**Exercise aim:** Your task is to write out all of the records once more, exactly.

**Records for processing:**

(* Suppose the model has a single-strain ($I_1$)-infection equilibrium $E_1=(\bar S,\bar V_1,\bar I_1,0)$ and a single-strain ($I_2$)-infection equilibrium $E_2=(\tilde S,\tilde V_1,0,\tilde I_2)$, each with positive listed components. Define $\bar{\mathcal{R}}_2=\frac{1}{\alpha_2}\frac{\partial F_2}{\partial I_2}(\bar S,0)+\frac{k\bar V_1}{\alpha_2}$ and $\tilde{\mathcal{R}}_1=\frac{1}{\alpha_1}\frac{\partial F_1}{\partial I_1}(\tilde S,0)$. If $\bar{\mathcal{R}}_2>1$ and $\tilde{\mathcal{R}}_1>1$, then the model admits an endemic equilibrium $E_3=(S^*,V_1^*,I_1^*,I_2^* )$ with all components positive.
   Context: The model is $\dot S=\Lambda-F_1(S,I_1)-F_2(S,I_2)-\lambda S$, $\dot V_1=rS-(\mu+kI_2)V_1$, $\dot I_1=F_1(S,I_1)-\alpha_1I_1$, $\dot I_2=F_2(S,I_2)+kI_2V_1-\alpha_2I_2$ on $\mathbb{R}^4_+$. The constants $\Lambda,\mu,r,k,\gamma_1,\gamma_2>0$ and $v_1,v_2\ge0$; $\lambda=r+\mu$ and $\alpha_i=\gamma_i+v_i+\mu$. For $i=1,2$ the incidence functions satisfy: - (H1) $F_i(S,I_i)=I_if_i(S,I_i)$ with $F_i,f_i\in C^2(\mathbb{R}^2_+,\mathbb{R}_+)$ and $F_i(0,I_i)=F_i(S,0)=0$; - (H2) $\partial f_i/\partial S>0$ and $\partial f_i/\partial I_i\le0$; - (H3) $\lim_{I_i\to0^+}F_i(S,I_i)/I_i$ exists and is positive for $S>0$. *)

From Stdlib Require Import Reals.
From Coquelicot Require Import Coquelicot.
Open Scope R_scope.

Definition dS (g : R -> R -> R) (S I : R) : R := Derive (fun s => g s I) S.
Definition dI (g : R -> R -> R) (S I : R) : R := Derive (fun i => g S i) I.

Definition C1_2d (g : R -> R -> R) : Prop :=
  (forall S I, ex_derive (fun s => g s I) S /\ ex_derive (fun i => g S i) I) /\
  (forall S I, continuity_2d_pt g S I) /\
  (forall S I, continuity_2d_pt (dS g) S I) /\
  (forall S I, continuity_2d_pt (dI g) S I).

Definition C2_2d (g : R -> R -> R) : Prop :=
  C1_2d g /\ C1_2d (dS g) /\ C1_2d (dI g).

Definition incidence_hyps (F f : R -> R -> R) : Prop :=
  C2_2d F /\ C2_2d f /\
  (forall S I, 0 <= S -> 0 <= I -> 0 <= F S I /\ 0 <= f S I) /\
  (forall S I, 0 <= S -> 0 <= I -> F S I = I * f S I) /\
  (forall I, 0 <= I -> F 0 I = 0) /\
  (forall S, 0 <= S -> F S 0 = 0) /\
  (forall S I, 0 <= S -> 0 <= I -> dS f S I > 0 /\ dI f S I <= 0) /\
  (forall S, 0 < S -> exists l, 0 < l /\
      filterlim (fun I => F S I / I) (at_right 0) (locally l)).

**Answer area:**
(* Suppose the model has a single-strain ($I_1$)-infection equilibrium $E_1=(\bar S,\bar V_1,\bar I_1,0)$ and a single-strain ($I_2$)-infection equilibrium $E_2=(\tilde S,\tilde V_1,0,\tilde I_2)$, each with positive listed components. Define $\bar{\mathcal{R}}_2=\frac{1}{\alpha_2}\frac{\partial F_2}{\partial I_2}(\bar S,0)+\frac{k\bar V_1}{\alpha_2}$ and $\tilde{\mathcal{R}}_1=\frac{1}{\alpha_1}\frac{\partial F_1}{\partial I_1}(\tilde S,0)$. If $\bar{\mathcal{R}}_2>1$ and $\tilde{\mathcal{R}}_1>1$, then the model admits an endemic equilibrium $E_3=(S^*,V_1^*,I_1^*,I_2^* )$ with all components positive.
   Context: The model is $\dot S=\Lambda-F_1(S,I_1)-F_2(S,I_2)-\lambda S$, $\dot V_1=rS-(\mu+kI_2)V_1$, $\dot I_1=F_1(S,I_1)-\alpha_1I_1$, $\dot I_2=F_2(S,I_2)+kI_2V_1-\alpha_2I_2$ on $\mathbb{R}^4_+$. The constants $\Lambda,\mu,r,k,\gamma_1,\gamma_2>0$ and $v_1,v_2\ge0$; $\lambda=r+\mu$ and $\alpha_i=\gamma_i+v_i+\mu$. For $i=1,2$ the incidence functions satisfy: - (H1) $F_i(S,I_i)=I_if_i(S,I_i)$ with $F_i,f_i\in C^2(\mathbb{R}^2_+,\mathbb{R}_+)$ and $F_i(0,I_i)=F_i(S,0)=0$; - (H2) $\partial f_i/\partial S>0$ and $\partial f_i/\partial I_i\le0$; - (H3) $\lim_{I_i\to0^+}F_i(S,I_i)/I_i$ exists and is positive for $S>0$. *)

From Stdlib Require Import Reals.
From Coquelicot Require Import Coquelicot.
Open Scope R_scope.

Definition dS (g : R -> R -> R) (S I : R) : R := Derive (fun s => g s I) S.
Definition dI (g : R -> R -> R) (S I : R) : R := Derive (fun i => g S i) I.

Definition C1_2d (g : R -> R -> R) : Prop :=
  (forall S I, ex_derive (fun s => g s I) S /\ ex_derive (fun i => g S i) I) /\
  (forall S I, continuity_2d_pt g S I) /\
  (forall S I, continuity_2d_pt (dS g) S I) /\
  (forall S I, continuity_2d_pt (dI g) S I).

Definition C2_2d (g : R -> R -> R) : Prop :=
  C1_2d g /\ C1_2d (dS g) /\ C1_2d (dI g).

Definition incidence_hyps (F f : R -> R -> R) : Prop :=
  C2_2d F /\ C2_2d f /\
  (forall S I, 0 <= S -> 0 <= I -> 0 <= F S I /\ 0 <= f S I) /\
  (forall S I, 0 <= S -> 0 <= I -> F S I = I * f S I) /\
  (forall I, 0 <= I -> F 0 I = 0) /\
  (forall S, 0 <= S -> F S 0 = 0) /\
  (forall S I, 0 <= S -> 0 <= I -> dS f S I > 0 /\ dI f S I <= 0) /\
  (forall S, 0 < S -> exists l, 0 < l /\
      filterlim (fun I => F S I / I) (at_right 0) (locally l)).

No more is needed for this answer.